------ INFORMATION SHOWN ------

(* Let $\pi:\mathbb{F}\twoheadrightarrow\Gamma$ be an epimorphism from a free group on a finite basis $X$ which is not an isomorphism, let $S=\pi(X)$, and suppose $\Gamma$ is sofic and stable. Then there exists $C>0$ such that for all $l\ge C$, $$\mathcal{D}_\Gamma^S\big(2F_\Gamma^\pi(10l)\big)!\ge\mathcal{R}_\Gamma^S(l).$$
   Context: For finite $\Omega$, $d_\Omega(\sigma,\tau)=|\{\omega:\sigma(\omega)\ne\tau(\omega)\}|/|\Omega|$. A pair $(\delta,E)$, $\delta\in(0,1]$, $E\subseteq\ker\pi$ finite, is valid for $\epsilon>0$ if for every finite $\Omega$ and homomorphism $\rho:\mathbb{F}\to\mathrm{Sym}(\Omega)$ with $d_\Omega(\rho(r),\mathrm{id})<\delta$ for all $r\in E$ there is a homomorphism $\phi:\Gamma\to\mathrm{Sym}(\Omega)$ with $d_\Omega(\rho(x),\phi(\pi(x)))<\epsilon$ for all $x\in X$; $\Gamma$ is stable if valid pairs exist for all $\epsilon$. $F_\Gamma^\pi(x)=\inf\{\|E\|/\delta:(\delta,E)\text{ valid for }1/x\}$, $\|E\|=\sum_{r\in E}|r|$ (word length in $X$). For finite $A\subseteq\Gamma$ and $\epsilon>0$, an $(A,\epsilon)$-almost representation is a map $\phi:A\to\mathrm{Sym}(\Omega)$, $\Omega$ finite, such that for $g,h\in A$: if $gh\in A$ then $d_\Omega(\phi(gh),\phi(g)\phi(h))<\epsilon$; if $g\ne e$ then $d_\Omega(\phi(g),\mathrm{id})>1-\epsilon$; if $e\in A$ then $\phi(e)=\mathrm{id}$. $\Gamma$ is sofic if these exist for all finite $A$ and $\epsilon>0$. $B_S(l)$ is the ball of radius $l$ in the word metric of $S$. The sofic profile $\mathcal{D}_\Gamma^S(l)$ is the minimal $|\Omega|$ for which a $(B_S(l),1/l)$-almost representation into $\mathrm{Sym}(\Omega)$ exists; for real $t\ge1$, $\mathcal{D}_\Gamma^S(t)=\mathcal{D}_\Gamma^S(\lfloor t\rfloor)$. $\mathcal{R}_\Gamma^S(l)$ is the minimal order of a finite group $\Delta$ with a homomorphism $\Gamma\to\Delta$ injective on $B_S(l)$. *)

From mathcomp Require Import all_boot all_order all_algebra all_fingroup.
From mathcomp Require Import classical_sets reals Rstruct.

Set Implicit Arguments.
Unset Strict Implicit.
Unset Printing Implicit Defensive.

Import Order.TTheory GRing.Theory Num.Theory.

Notation R := Rdefinitions.R.

(* The free group F on the finite basis X = 'I_k.                      *)
(* A letter (i, false) stands for x_i, (i, true) for x_i^{-1}.         *)
(* Elements of F are the reduced words.                                *)
Definition letter (k : nat) := ('I_k * bool)%type.

Fixpoint reduced (k : nat) (w : seq (letter k)) : bool :=
  match w with
  | a :: ((b :: _) as t) => ~~ ((a.1 == b.1) && (a.2 != b.2)) && reduced t
  | _ => true
  end.

(* value of a word under the homomorphism F -> G sending x_i to f i
   (universal property of the free group: homomorphisms F -> G are
   exactly the maps X -> G). *)
Definition weval (k : nat) (G : groupType) (f : 'I_k -> G)
    (w : seq (letter k)) : G :=
  foldr (fun a acc => ((if a.2 then (f a.1)^-1 else f a.1) * acc)%g) 1%g w.

(* ker pi, for pi : F -> Gamma, x_i |-> g i *)
Definition in_ker (k : nat) (Gamma : groupType) (g : 'I_k -> Gamma)
    (w : seq (letter k)) : Prop :=
  reduced w /\ weval g w = 1%g.

Definition epi (k : nat) (Gamma : groupType) (g : 'I_k -> Gamma) : Prop :=
  forall y : Gamma, exists w : seq (letter k), reduced w /\ weval g w = y.

(* pi is not an isomorphism (given surjectivity): nontrivial kernel *)
Definition not_iso (k : nat) (Gamma : groupType) (g : 'I_k -> Gamma) : Prop :=
  exists w : seq (letter k), in_ker g w /\ w <> [::].

Definition hdist (n : nat) (s t : {perm 'I_n}) : R :=
  ((#|[set o | s o != t o]|)%:R / n%:R)%R.

Definition is_hom (Gamma H : groupType) (phi : Gamma -> H) : Prop :=
  forall a b : Gamma, phi (a * b)%g = (phi a * phi b)%g.

Definition Enorm (k : nat) (E : seq (seq (letter k))) : nat :=
  \sum_(r <- E) size r.

Definition valid_pair (k : nat) (Gamma : groupType) (g : 'I_k -> Gamma)
    (eps : R) (delta : R) (E : seq (seq (letter k))) : Prop :=
  (0 < delta)%R /\ (delta <= 1)%R /\ uniq E /\
  (forall r, r \in E -> in_ker g r) /\
  forall (n : nat) (rho : 'I_k -> {perm 'I_n}),
    (forall r, r \in E -> (hdist (weval rho r) 1%g < delta)%R) ->
    exists phi : Gamma -> {perm 'I_n},
      is_hom phi /\ forall i : 'I_k, (hdist (rho i) (phi (g i)) < eps)%R.

Definition stable (k : nat) (Gamma : groupType) (g : 'I_k -> Gamma) : Prop :=
  forall eps : R, (0 < eps)%R -> exists delta E, valid_pair g eps delta E.

Definition stab_fun (k : nat) (Gamma : groupType) (g : 'I_k -> Gamma)
    (x : R) : R :=
  inf [set y : R | exists delta E,
          valid_pair g (x^-1)%R delta E /\ y = ((Enorm E)%:R / delta)%R].

(* (A, eps)-almost representation into Sym('I_n); A given as a predicate
   (a finite set); phi is only relevant on A. *)
Definition almost_rep (Gamma : groupType) (A : Gamma -> Prop) (eps : R)
    (n : nat) (phi : Gamma -> {perm 'I_n}) : Prop :=
  (forall a b, A a -> A b -> A (a * b)%g ->
     (hdist (phi (a * b)%g) (phi a * phi b)%g < eps)%R) /\
  (forall a, A a -> a <> 1%g -> (1 - eps < hdist (phi a) 1%g)%R) /\
  (A 1%g -> phi 1%g = 1%g).

Definition sofic (Gamma : groupType) : Prop :=
  forall (A : seq Gamma) (eps : R), (0 < eps)%R ->
    exists (n : nat) (phi : Gamma -> {perm 'I_n}),
      almost_rep (fun a => a \in A) eps phi.

Definition ball (k : nat) (Gamma : groupType) (g : 'I_k -> Gamma) (l : nat)
    (a : Gamma) : Prop :=
  exists w : seq (letter k), size w <= l /\ weval g w = a.

Definition is_least (P : nat -> Prop) (n : nat) : Prop :=
  P n /\ forall m, P m -> n <= m.

(* sofic profile D_Gamma^S(l) = least n with a (B_S(l), 1/l)-almost rep *)
Definition sofic_profile_at (k : nat) (Gamma : groupType) (g : 'I_k -> Gamma)
    (l : nat) (n : nat) : Prop :=
  exists phi : Gamma -> {perm 'I_n}, almost_rep (ball g l) (l%:R^-1)%R phi.

(* "R_Gamma^S(l) <= N": there is a finite group Delta of order <= N and a
   homomorphism Gamma -> Delta injective on B_S(l). *)
Definition residual_le (k : nat) (Gamma : groupType) (g : 'I_k -> Gamma)
    (l : nat) (N : nat) : Prop :=
  exists (Delta : finGroupType) (f : Gamma -> Delta),
    is_hom f /\
    (forall a b, ball g l a -> ball g l b -> f a = f b -> a = b) /\
    #|[set: Delta]| <= N.

From mathcomp Require Import all_boot all_order all_algebra all_fingroup.
From mathcomp Require Import boolp classical_sets reals Rstruct.
From mathcomp Require Import ring lra.

(* Fix a nonempty reduced relator w0.  A nonempty reduced word r is not a law
   in Sym(|r|+1): its letters can be made to walk the path 0 -> 1 -> ... -> |r|.
   Letting Sym(|r|+1) act regularly on n >= (|r|+1)! points puts every word
   within (|r|+1)!/n of the identity, and r exactly that far.  Tested against
   a valid pair (delta, E) for epsilon, this forces a nonempty r in E (w0 rules
   out the trivial E) and, for n ~ (|r|+1)!/delta, delta <= 2 |r| epsilon; so
   F(x) >= x/2.
   With L = floor(2 F(10 l)) and a valid pair for 1/(10 l) with
   ||E||/delta < L, an almost representation psi on B_S(L) satisfies every
   relator of E up to delta, so stability gives a homomorphism phi within
   1/(10 l) of psi on S.  On B_S(2l) psi then stays within 2l/L + 1/5 of phi,
   while it moves nontrivial elements by more than 1 - 1/L; as L >= 10 l - 1,
   phi is injective on B_S(l), and Sym(D) has D! elements. *)

Set Implicit Arguments.
Unset Strict Implicit.
Unset Printing Implicit Defensive.

Import Order.TTheory GRing.Theory Num.Theory.

Section WordEvaluation.
Variables (k : nat) (G : groupType) (f : 'I_k -> G).

Definition winv (w : seq (letter k)) : seq (letter k) :=
  rev (map (fun a => (a.1, ~~ a.2)) w).

Lemma size_winv w : size (winv w) = size w.
Proof. by rewrite size_rev size_map. Qed.

Lemma weval_cat u v : weval f (u ++ v) = (weval f u * weval f v)%g.
Proof. by elim: u => [|a u IHu] /=; rewrite ?mul1g // IHu mulgA. Qed.

Lemma weval_winv w : weval f (winv w) = (weval f w)^-1%g.
Proof.
elim: w => [|a w IHw]; first by rewrite invg1.
rewrite /winv /= rev_cons -cats1 weval_cat -/(winv w) IHw /= mulg1 invMg.
by case: a.2; rewrite ?invgK.
Qed.

Lemma ball_invM l a b : ball f l a -> ball f l b -> ball f (l + l) (a^-1 * b)%g.
Proof.
move=> [u [ul <-]] [v [vl <-]]; exists (winv u ++ v).
by rewrite size_cat size_winv weval_cat weval_winv leq_add.
Qed.

End WordEvaluation.

Section Homomorphisms.
Variables (G H : groupType) (phi : G -> H).
Hypothesis phi_hom : is_hom phi.

Lemma is_hom1 : phi 1%g = 1%g.
Proof. by apply: (@mulgI _ (phi 1%g)); rewrite -phi_hom !mulg1. Qed.

Lemma is_homV x : phi x^-1%g = (phi x)^-1%g.
Proof. by apply: (@mulIg _ (phi x)); rewrite -phi_hom !mulVg is_hom1. Qed.

Lemma weval_hom k (f : 'I_k -> G) w :
  weval (fun i => phi (f i)) w = phi (weval f w).
Proof.
elim: w => [|a w IHw] /=; first by rewrite is_hom1.
by rewrite phi_hom IHw; case: a.2; rewrite ?is_homV.
Qed.

End Homomorphisms.

Section HammingDistance.
Variable n : nat.
Implicit Types s t u : {perm 'I_n}.

Definition ndiff s t := #|[set o | s o != t o]|.

Lemma ndiffC s t : ndiff s t = ndiff t s.
Proof. by apply: eq_card => o; rewrite !inE eq_sym. Qed.

Lemma ndiffxx s : ndiff s s = 0.
Proof. by apply/eqP; rewrite cards_eq0; apply/eqP/setP => o; rewrite !inE eqxx. Qed.

Lemma ndiff_triangle s t u : ndiff s u <= ndiff s t + ndiff t u.
Proof.
apply: leq_trans (leq_card_setU [set o | s o != t o] [set o | t o != u o]).
apply/subset_leq_card/fintype.subsetP => o; rewrite !inE.
by case: (s o =P t o) => [->|].
Qed.

Lemma ndiffMr s t u : ndiff (s * u) (t * u) = ndiff s t.
Proof. by apply: eq_card => o; rewrite !inE !permM (inj_eq perm_inj). Qed.

Lemma ndiffMl s t u : ndiff (u * s) (u * t) = ndiff s t.
Proof.
rewrite /ndiff -[RHS](card_preimset _ (@perm_inj _ u)).
by apply: eq_card => o; rewrite !inE !permM.
Qed.

Lemma ndiffV s t : ndiff s^-1 t^-1 = ndiff s t.
Proof. by rewrite -(ndiffMl _ _ s) -(ndiffMr _ _ t) mulgV mulgKV mul1g ndiffC. Qed.

Lemma ndiffM s t s' t' : ndiff (s * t) (s' * t') <= ndiff s s' + ndiff t t'.
Proof. by rewrite -(ndiffMr s s' t) -(ndiffMl t t' s'); apply: ndiff_triangle. Qed.

Local Open Scope ring_scope.

Lemma hdistE s t : hdist s t = (ndiff s t)%:R / n%:R.
Proof. by []. Qed.

Lemma hdistC s t : hdist s t = hdist t s.
Proof. by rewrite !hdistE ndiffC. Qed.

Lemma hdistxx s : hdist s s = 0.
Proof. by rewrite hdistE ndiffxx mul0r. Qed.

Lemma hdist_triangle s t u : hdist s u <= hdist s t + hdist t u.
Proof. by rewrite !hdistE -mulrDl ler_wpM2r ?invr_ge0 // -natrD ler_nat ndiff_triangle. Qed.

Lemma hdistMl s t u : hdist (u * s) (u * t) = hdist s t.
Proof. by rewrite !hdistE ndiffMl. Qed.

Lemma hdistV s t : hdist s^-1 t^-1 = hdist s t.
Proof. by rewrite !hdistE ndiffV. Qed.

Lemma hdistM s t s' t' : hdist (s * t) (s' * t') <= hdist s s' + hdist t t'.
Proof. by rewrite !hdistE -mulrDl ler_wpM2r ?invr_ge0 // -natrD ler_nat ndiffM. Qed.

End HammingDistance.

Lemma perm_extend_in (X : finType) (D : {set X}) (f : X -> X) :
  {in D &, injective f} -> exists s : {perm X}, {in D, s =1 f}.
Proof.
move=> f_inj.
set A := enum (~: D); set B := enum (~: (f @: D)).
have size_AB : size A = size B.
  rewrite -!cardE; apply/eqP; rewrite -(eqn_add2l #|D|) cardsC.
  by rewrite -{1}(card_in_imset f_inj) cardsC.
pose h x := nth x B (index x A).
pose s x := if x \in D then f x else h x.
have hB x : x \notin D -> h x \in B.
  by move=> xD; apply: mem_nth; rewrite -size_AB index_mem mem_enum inE.
have s_inj : injective s.
  move=> x y; rewrite /s.
  case: (boolP (x \in D)) => xD; case: (boolP (y \in D)) => yD.
  - exact: f_inj.
  - by move=> fx_hy; have := hB y yD; rewrite -fx_hy mem_enum inE imset_f.
  - by move=> hx_fy; have := hB x xD; rewrite hx_fy mem_enum inE imset_f.
  have xA : x \in A by rewrite mem_enum inE.
  have yA : y \in A by rewrite mem_enum inE.
  have iB z : z \in A -> index z A < size B by rewrite -size_AB index_mem.
  rewrite /h (set_nth_default y) ?iB // => /eqP.
  by rewrite nth_uniq ?iB ?enum_uniq // => /eqP /(index_inj x xA yA).
by exists (perm s_inj) => x xD; rewrite permE /s xD.
Qed.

------

◆ **WHAT TO DO**: For the string "nonempty", report how many lines of the records contain it, giving the number only.

◆ **WORKED SOLUTION**: 2